37. The Society agrees with the criticisms noted in the Housing and Planning Bill House of Commons briefing paper by the Citizen's Advice Bureau and Local Government Association (see pages 33 and 34).

38. We recommend that these provisions are reconsidered and that judicial consideration of any possession claim ought to be retained. A better solution would be to use an accelerated possession application form not requiring a court hearing unless the tenant raises a defence and a direction to the bailiffs that evictions should be carried out within two weeks of the possession order being made. This would save time and costs for the landlord but retain protection for tenants.
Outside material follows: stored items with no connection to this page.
(* Let $n\ge2$ and let $r:(0,1]\to[0,\infty)$ be continuous with $r(1)=0$, $\lim_{t\to0^+}r(t)=\infty$ and $r(t)>0$ for all $t\in(0,1)$. Then the map $F:\mathcal K_0^n\times[0,1]\to\mathcal K_0^n$ defined by $F(K,0)=K$ and $F(K,t)=K\cap r(t)\mathbb B$ for $t\in(0,1]$ is continuous (with $\mathcal K_0^n$ carrying the metric $d_{AW}$).
   Context: $\mathbb R^n$ carries the Euclidean norm $\|\cdot\|$ with closed unit ball $\mathbb B$; $d(x,A)=\inf_{a\in A}\|x-a\|$. $\mathcal K^n$ is the family of nonempty closed convex subsets of $\mathbb R^n$, $\mathcal K_0^n$ those containing $0$. The Attouch–Wets metric is $d_{AW}(A,K)=\sup_{j\in\mathbb N}\min\{\frac1j,\sup_{\|x\|<j}|d(x,A)-d(x,K)|\}$. *)

From HB Require Import structures.
From mathcomp Require Import all_boot all_order all_algebra.
From mathcomp Require Import all_classical all_reals all_analysis.
Set Implicit Arguments. Unset Strict Implicit. Unset Printing Implicit Defensive.
Import Order.TTheory GRing.Theory Num.Theory.
Import numFieldNormedType.Exports.
Local Open Scope classical_set_scope.
Local Open Scope ring_scope.

Definition enorm (R : realType) (n : nat) (x : 'rV[R]_n) : R :=
  Num.sqrt (\sum_(i < n) x ord0 i ^+ 2).

Definition unit_ball (R : realType) (n : nat) : set 'rV[R]_n :=
  [set x | enorm x <= 1].

Definition scaled_ball (R : realType) (n : nat) (c : R) : set 'rV[R]_n :=
  [set c *: b | b in @unit_ball R n].

Definition dist_set (R : realType) (n : nat) (x : 'rV[R]_n) (A : set 'rV[R]_n) : R :=
  inf [set enorm (x - a) | a in A].

Definition eclosed (R : realType) (n : nat) (A : set 'rV[R]_n) : Prop :=
  forall x, (forall e : R, 0 < e -> exists2 a, A a & enorm (x - a) < e) -> A x.

Definition convex_set_R (R : realType) (n : nat) (A : set 'rV[R]_n) : Prop :=
  forall a b, A a -> A b -> forall t : R, 0 <= t <= 1 ->
    A (t *: a + (1 - t) *: b).

Definition Kn (R : realType) (n : nat) (A : set 'rV[R]_n) : Prop :=
  A !=set0 /\ eclosed A /\ convex_set_R A.

Definition K0n (R : realType) (n : nat) (A : set 'rV[R]_n) : Prop :=
  Kn A /\ A 0.

Definition dAW (R : realType) (n : nat) (A K : set 'rV[R]_n) : \bar R :=
  ereal_sup [set Order.min ((j%:R)^-1 : R)%:E
                  (ereal_sup [set (`| dist_set x A - dist_set x K |)%:E
                             | x in [set x : 'rV[R]_n | enorm x < j%:R]])
            | j in [set j : nat | (1 <= j)%N]].

Definition Fmap (R : realType) (n : nat) (r : R -> R) (K : set 'rV[R]_n) (t : R)
  : set 'rV[R]_n :=
  if t == 0 then K else K `&` @scaled_ball R n (r t).

From HB Require Import structures.
From mathcomp Require Import all_boot all_order all_algebra.
From mathcomp Require Import all_classical all_reals all_analysis.
From mathcomp Require Import ring lra.
Import Order.TTheory GRing.Theory Num.Theory.
Import numFieldNormedType.Exports.
Local Open Scope classical_set_scope.
Local Open Scope ring_scope.

(* For closed convex sets containing 0, d_AW(A, B) < e as soon as, on a large
   enough ball, each of A and B lies within e/2 of the other; conversely a small
   d_AW(A, B) bounds this one-sided excess on any prescribed ball.  Truncating
   two such sets at radii rho and rho' adds at most |rho - rho'| to the excess,
   because the radial retraction of a convex set containing 0 onto the ball of
   radius rho' moves a point b by at most max(0, |b| - rho').  At t > 0
   continuity of r makes |r t - r t'| small; at t = 0 the radius r t' is so
   large that the truncation is invisible to d_AW at precision e. *)

Lemma within_continuous_ball {R : realType} {f : R -> R} {A : set R} {t} :
  {within A, continuous f} -> A t -> forall e : R, 0 < e ->
  exists2 g : R, 0 < g & forall t', A t' -> `|t - t'| < g -> `|f t - f t'| < e.
Proof.
move=> fc At e e0.
have : within A (nbhs t) (fun t' => `|f t - f t'| < e).
  rewrite (nbhs_subspace_in At).
  exact: (@cvgr_dist_lt _ _ _ _ _ (from_subspace A f) (f t) (fc t) e e0).
by move=> /nbhs_ballP[g g0 fg]; exists g => // t' At' tt'; exact: fg.
Qed.

Lemma cvgry_right_ge {R : realType} {f : R -> R} :
  f x @[x --> 0^'+] --> +oo -> forall M : R,
  exists2 g : R, 0 < g & forall t, 0 < t < g -> M <= f t.
Proof.
move=> /cvgryPge fy M; have /nbhs_ballP[g g0 fg] := fy M.
exists g => // t /andP[t0 tg]; apply: fg => //.
by rewrite /ball /= sub0r normrN gtr0_norm.
Qed.

Lemma exists_pos_le4 {R : realDomainType} {a b c d : R} :
  0 < a -> 0 < b -> 0 < c -> 0 < d ->
  exists2 m, 0 < m & [/\ m <= a, m <= b, m <= c & m <= d].
Proof.
move=> a0 b0 c0 d0; exists (Num.min (Num.min a b) (Num.min c d)).
  by rewrite !lt_min a0 b0 c0 d0.
by split; rewrite !ge_min lexx ?orbT.
Qed.

Section EuclideanNorm.
Context {R : realType} {n : nat}.
Implicit Types (x y z : 'rV[R]_n) (A B C : set 'rV[R]_n).

Lemma CauchySchwarz_sum (X Y : 'I_n -> R) :
  (\sum_i X i * Y i) ^+ 2 <= (\sum_i X i ^+ 2) * (\sum_i Y i ^+ 2).
Proof.
have expand (a b : R) : \sum_i (a * X i - b * Y i) ^+ 2 =
    a ^+ 2 * (\sum_i X i ^+ 2) - 2 * a * b * (\sum_i X i * Y i)
    + b ^+ 2 * (\sum_i Y i ^+ 2).
  by rewrite !mulr_sumr -sumrB -big_split /=; apply: eq_bigr => i _; ring.
set xx := \sum_i X i ^+ 2; set yy := \sum_i Y i ^+ 2; set xy := \sum_i X i * Y i.
have sqr_sum_ge0 (Z : 'I_n -> R) : 0 <= \sum_i Z i ^+ 2.
  by rewrite sumr_ge0 // => i _; exact: sqr_ge0.
have [yy_eq0|yy_neq0] := eqVneq yy 0.
  have Y0 i : Y i = 0.
    apply/eqP; rewrite -sqrf_eq0; apply/eqP.
    by apply: (psumr_eq0P _ yy_eq0) => // j _; exact: sqr_ge0.
  rewrite /xy big1 => [|i _]; last by rewrite Y0 mulr0.
  by rewrite expr0n mulr_ge0 //; exact: sqr_sum_ge0.
have := sqr_sum_ge0 (fun i => yy * X i - xy * Y i).
rewrite expand -/xx -/yy -/xy.
have -> : yy ^+ 2 * xx - 2 * yy * xy * xy + xy ^+ 2 * yy =
  yy * (yy * xx - xy ^+ 2) by ring.
by rewrite pmulr_rge0 ?lt_def ?yy_neq0 ?sqr_sum_ge0 // subr_ge0 mulrC.
Qed.

Lemma enorm_ge0 x : 0 <= enorm x.
Proof. exact: sqrtr_ge0. Qed.

Lemma enorm_sqr x : enorm x ^+ 2 = \sum_i x ord0 i ^+ 2.
Proof. by rewrite sqr_sqrtr // sumr_ge0 // => i _; exact: sqr_ge0. Qed.

Lemma enormZ (c : R) x : enorm (c *: x) = `|c| * enorm x.
Proof.
rewrite /enorm -sqrtr_sqr -sqrtrM ?sqr_ge0 // mulr_sumr.
by congr Num.sqrt; apply: eq_bigr => i _; rewrite mxE exprMn.
Qed.

Lemma enorm0 : enorm (0 : 'rV[R]_n) = 0.
Proof. by rewrite -(scale0r (0 : 'rV[R]_n)) enormZ normr0 mul0r. Qed.

Lemma enorm_distC x y : enorm (x - y) = enorm (y - x).
Proof. by rewrite -opprB -scaleN1r enormZ normrN normr1 mul1r. Qed.

Lemma enormD x y : enorm (x + y) <= enorm x + enorm y.
Proof.
have dot_le : \sum_i x ord0 i * y ord0 i <= enorm x * enorm y.
  apply: le_trans (ler_norm _) _.
  rewrite -ler_sqr ?nnegrE ?mulr_ge0 ?enorm_ge0 // real_normK ?num_real //.
  by rewrite exprMn !enorm_sqr CauchySchwarz_sum.
have sum_sqrD : \sum_i (x + y) ord0 i ^+ 2 = \sum_i x ord0 i ^+ 2
    + 2 * (\sum_i x ord0 i * y ord0 i) + \sum_i y ord0 i ^+ 2.
  by rewrite mulr_sumr -!big_split /=; apply: eq_bigr => i _; rewrite mxE; ring.
rewrite -(ler_sqr (x := enorm (x + y))) ?nnegrE ?addr_ge0 ?enorm_ge0 //.
rewrite sqrrD !enorm_sqr sum_sqrD; lra.
Qed.

Lemma enorm_eq0 x : enorm x = 0 -> x = 0.
Proof.
have sqr_entry_ge0 i : 0 <= x ord0 i ^+ 2 by exact: sqr_ge0.
move=> /eqP; rewrite sqrtr_eq0 => sum_le0.
have sum0 : \sum_i x ord0 i ^+ 2 = 0.
  by apply/eqP; rewrite eq_le sum_le0 sumr_ge0.
apply/matrixP => i j; rewrite (ord1 i) mxE; apply/eqP; rewrite -sqrf_eq0.
by apply/eqP; apply: (psumr_eq0P _ sum0).
Qed.

Lemma enorm_distD x y z : enorm (x - z) <= enorm (x - y) + enorm (y - z).
Proof. by have := enormD (x - y) (y - z); rewrite addrA subrK. Qed.

Lemma enorm_leD_dist x y : enorm y <= enorm x + enorm (x - y).
Proof. by have := enorm_distD y x 0; rewrite !subr0 enorm_distC addrC. Qed.

Definition cball (c : R) : set 'rV[R]_n := [set x | enorm x <= c].

Lemma scaled_ballE (c : R) : 0 <= c -> @scaled_ball R n c = cball c.
Proof.
move=> c0; apply/seteqP; split => x /=.
  case=> b b1 <-; rewrite /cball /= enormZ ger0_norm //.
  by rewrite -[c in _ <= c]mulr1 ler_wpM2l.
rewrite /cball /= le0r in c0 * => xc; case/orP: c0 => [/eqP c0|c_gt0].
  have x0 : x = 0.
    by apply: enorm_eq0; apply/eqP; rewrite eq_le enorm_ge0 -c0 xc.
  by exists 0; rewrite ?scaler0 // /unit_ball /= enorm0.
exists (c^-1 *: x); last by rewrite scalerA divff ?gt_eqF // scale1r.
by rewrite /unit_ball /= enormZ gtr0_norm ?invr_gt0 // mulrC ler_pdivrMr // mul1r.
Qed.

Lemma eclosedI A B : eclosed A -> eclosed B -> eclosed (A `&` B).
Proof.
move=> Acl Bcl x xAB; split; [apply: Acl|apply: Bcl] => e e0;
  by have [a [Aa Ba] xa] := xAB e e0; exists a.
Qed.

Lemma convex_setI A B :
  convex_set_R A -> convex_set_R B -> convex_set_R (A `&` B).
Proof.
by move=> Acv Bcv a b [Aa Ba] [Ab Bb] t t01; split; [exact: Acv|exact: Bcv].
Qed.

Lemma K0nI A B : K0n A -> K0n B -> K0n (A `&` B).
Proof.
move=> [[_ [Acl Acv]] A0] [[_ [Bcl Bcv]] B0].
by split=> //; split; [exists 0|split; [exact: eclosedI|exact: convex_setI]].
Qed.

Lemma eclosed_cball (c : R) : eclosed (cball c).
Proof.
move=> x xc; apply/ler_addgt0Pr => e e0; have [a ac xa] := xc e e0.
have := enorm_leD_dist a x; rewrite /cball /= enorm_distC in ac *; lra.
Qed.

Lemma convex_cball (c : R) : convex_set_R (cball c).
Proof.
move=> a b ac bc t /andP[t0 t1]; rewrite /cball /= in ac bc *.
apply: le_trans (enormD _ _) _; rewrite !enormZ !ger0_norm ?subr_ge0 //.
have t1' : 0 <= 1 - t by rewrite subr_ge0.
have := ler_wpM2l t0 ac; have := ler_wpM2l t1' bc; lra.
Qed.

Lemma K0n_cball (c : R) : 0 <= c -> K0n (cball c).
Proof.
move=> c0; have c00 : cball c 0 by rewrite /cball /= enorm0.
by split=> //; split; [exists 0|split; [exact: eclosed_cball|exact: convex_cball]].
Qed.

Lemma dist_set_le x {A a} : A a -> dist_set x A <= enorm (x - a).
Proof.
move=> Aa; apply: ge_inf; last by exists a.
by exists 0 => _ [b _ <-]; exact: enorm_ge0.
Qed.

Lemma dist_set_lt x {A} {v : R} : A !=set0 -> dist_set x A < v ->
  exists2 a, A a & enorm (x - a) < v.
Proof.
move=> [a Aa] /inf_lt[|_ [b Ab <-] xb]; last by exists b.
by exists (enorm (x - a)), a.
Qed.

Lemma dist_set_id a A : A a -> dist_set a A = 0.
Proof.
move=> Aa; apply/eqP; rewrite eq_le.
have := dist_set_le a Aa; rewrite subrr enorm0 => ->.
by rewrite lb_le_inf //; [exists (enorm (a - a)), a|move=> _ [b _ <-]; exact: enorm_ge0].
Qed.

Definition excess_le A B (rho del : R) : Prop :=
  forall a, A a -> enorm a <= rho -> exists2 b, B b & enorm (a - b) <= del.

Lemma excess_le_of_dist A B (rho del J : R) : B !=set0 -> rho < J ->
  (forall x, enorm x < J -> `|dist_set x A - dist_set x B| < del) ->
  excess_le A B rho del.
Proof.
move=> Bn rhoJ dAB a Aa arho.
have := dAB a (le_lt_trans arho rhoJ); rewrite dist_set_id // sub0r normrN.
move=> /(le_lt_trans (ler_norm _)) /(dist_set_lt _ Bn)[b Bb ab].
by exists b => //; exact: ltW.
Qed.

Lemma dist_set_le_excess {A B} {rho del M : R} {x} : A 0 -> excess_le A B rho del ->
  2 * M + 1 <= rho -> enorm x < M -> dist_set x B <= dist_set x A + del.
Proof.
move=> A0 AB rhoM xM; apply/ler_addgt0Pr => eta eta0.
set m := Num.min eta 1.
have m_eta : m <= eta by rewrite ge_min lexx.
have m1 : m <= 1 by rewrite ge_min lexx orbT.
have [a Aa xa] : exists2 a, A a & enorm (x - a) < dist_set x A + m.
  by apply: dist_set_lt; [exists 0|rewrite ltrDl lt_min eta0 ltr01].
have := dist_set_le x A0; rewrite subr0 => xA.
have [b Bb ab] : exists2 b, B b & enorm (a - b) <= del.
  by apply: AB => //; have := enorm_leD_dist x a; lra.
have := dist_set_le x Bb; have := enorm_distD x a b; lra.
Qed.

Lemma dist_set_close {A B} {rho del M : R} {x} : A 0 -> B 0 ->
  excess_le A B rho del -> excess_le B A rho del ->
  2 * M + 1 <= rho -> enorm x < M -> `|dist_set x A - dist_set x B| <= del.
Proof.
move=> A0 B0 AB BA rhoM xM.
have := dist_set_le_excess A0 AB rhoM xM; have := dist_set_le_excess B0 BA rhoM xM.
by rewrite ler_distl => *; apply/andP; split; lra.
Qed.

Lemma convex_cball_retract {B b} {rho : R} :
  convex_set_R B -> B 0 -> B b -> 0 <= rho ->
  exists2 b', (B `&` cball rho) b' & enorm (b - b') <= Num.max 0 (enorm b - rho).
Proof.
move=> Bcv B0 Bb rho0; have [brho|rhob] := leP (enorm b) rho.
  by exists b; rewrite ?subrr ?enorm0 ?le_max ?lexx.
have b_gt0 : 0 < enorm b by apply: le_lt_trans rhob.
set s := rho / enorm b.
have s01 : 0 <= s <= 1.
  by rewrite /s divr_ge0 ?enorm_ge0 //= ler_pdivrMr // mul1r ltW.
exists (s *: b).
  split; first by have := Bcv b 0 Bb B0 s s01; rewrite scaler0 addr0.
  have s0 : 0 <= s by case/andP: s01.
  by rewrite /cball /= enormZ ger0_norm // /s divfK ?gt_eqF.
rewrite -{1}[b]scale1r -scalerBl enormZ ger0_norm ?subr_ge0; last by case/andP: s01.
by rewrite mulrBl mul1r /s divfK ?gt_eqF // le_max lexx orbT.
Qed.

Lemma excess_le_cball A B (rho rho' R1 R2 del : R) :
  convex_set_R B -> B 0 -> 0 <= rho' -> rho <= R1 -> excess_le A B R1 del ->
  excess_le (A `&` cball rho) (B `&` cball rho') R2 (2 * del + `|rho - rho'|).
Proof.
move=> Bcv B0 rho'0 rhoR1 AB a [Aa arho] _; rewrite /cball /= in arho.
have [b Bb ab] := AB a Aa (le_trans arho rhoR1).
have [b' Bb' bb'] := convex_cball_retract Bcv B0 Bb rho'0.
exists b' => //.
have del0 : 0 <= del := le_trans (enorm_ge0 _) ab.
have bb'_le : enorm (b - b') <= del + `|rho - rho'|.
  apply: le_trans bb' _; rewrite ge_max addr_ge0 //=.
  have := enorm_leD_dist a b; have := ler_norm (rho - rho'); lra.
have := enorm_distD a b b'; lra.
Qed.

Lemma excess_le_cballIr A B (rho rho' del : R) :
  excess_le A B rho del -> rho + del <= rho' ->
  excess_le A (B `&` cball rho') rho del.
Proof.
move=> AB rhoR a Aa arho; have [b Bb ab] := AB a Aa arho.
by exists b => //; split=> //; rewrite /cball /=; have := enorm_leD_dist a b; lra.
Qed.

Lemma excess_leIl A B C (rho del : R) :
  excess_le A B rho del -> excess_le (A `&` C) B rho del.
Proof. by move=> AB a [Aa _]; exact: AB. Qed.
Part 4 - Social Housing in England

39. Purpose of clauses: the provisions provide a new power to the Secretary of State and the Greater London Authority to make grants to private registered providers (RPs) in respect of Right to Buy discounts.

40. Law Society concerns:

Like other parts of the Bill, most of the detail will be determined by subsequent regulation (eg "high value" housing stock is to be defined regionally and will be defined by regulations) Consequently the scope and impact of this power remains largely unknown at this stage.

41. There is no mention in the Bill of any exempted properties - such as Almshouses or properties owned by charities.

42. Clause 58 of the Bill appears to introduce a name and shame approach to monitoring compliance with the home ownership criteria, clause 58(6) states that the Secretary of State may publish information about RPs that has not met the home ownership criteria.

43. "Market rent" and "high income" definitions will be dealt with in subsequent regulations. If the provider is a LHA they may not be able to reinvest increased market rents as regulations may require the LHA to make payments to the Secretary of State in respect of estimated increase in rental income.

44. This chapter also includes requirements to hold detailed personal income data including obtaining HMRC information. HMRC may disclose information to enable RP to determine rent level. HMRC is not a party to the landlord and tenant relationship and this could be viewed as an interference with this relationship.

45. The Bill lacks detail as there is persistent reference to "regulations" which will contain the detail. This detail will be in secondary legislation that cannot be amended. As a result the Bill leaves limited room for full debate in Parliament. We recommend that any draft regulations should be subject to a full consultation in order to avoid unnecessary satellite litigation which could emerge if those regulations contain ambiguities or are not sufficiently clear.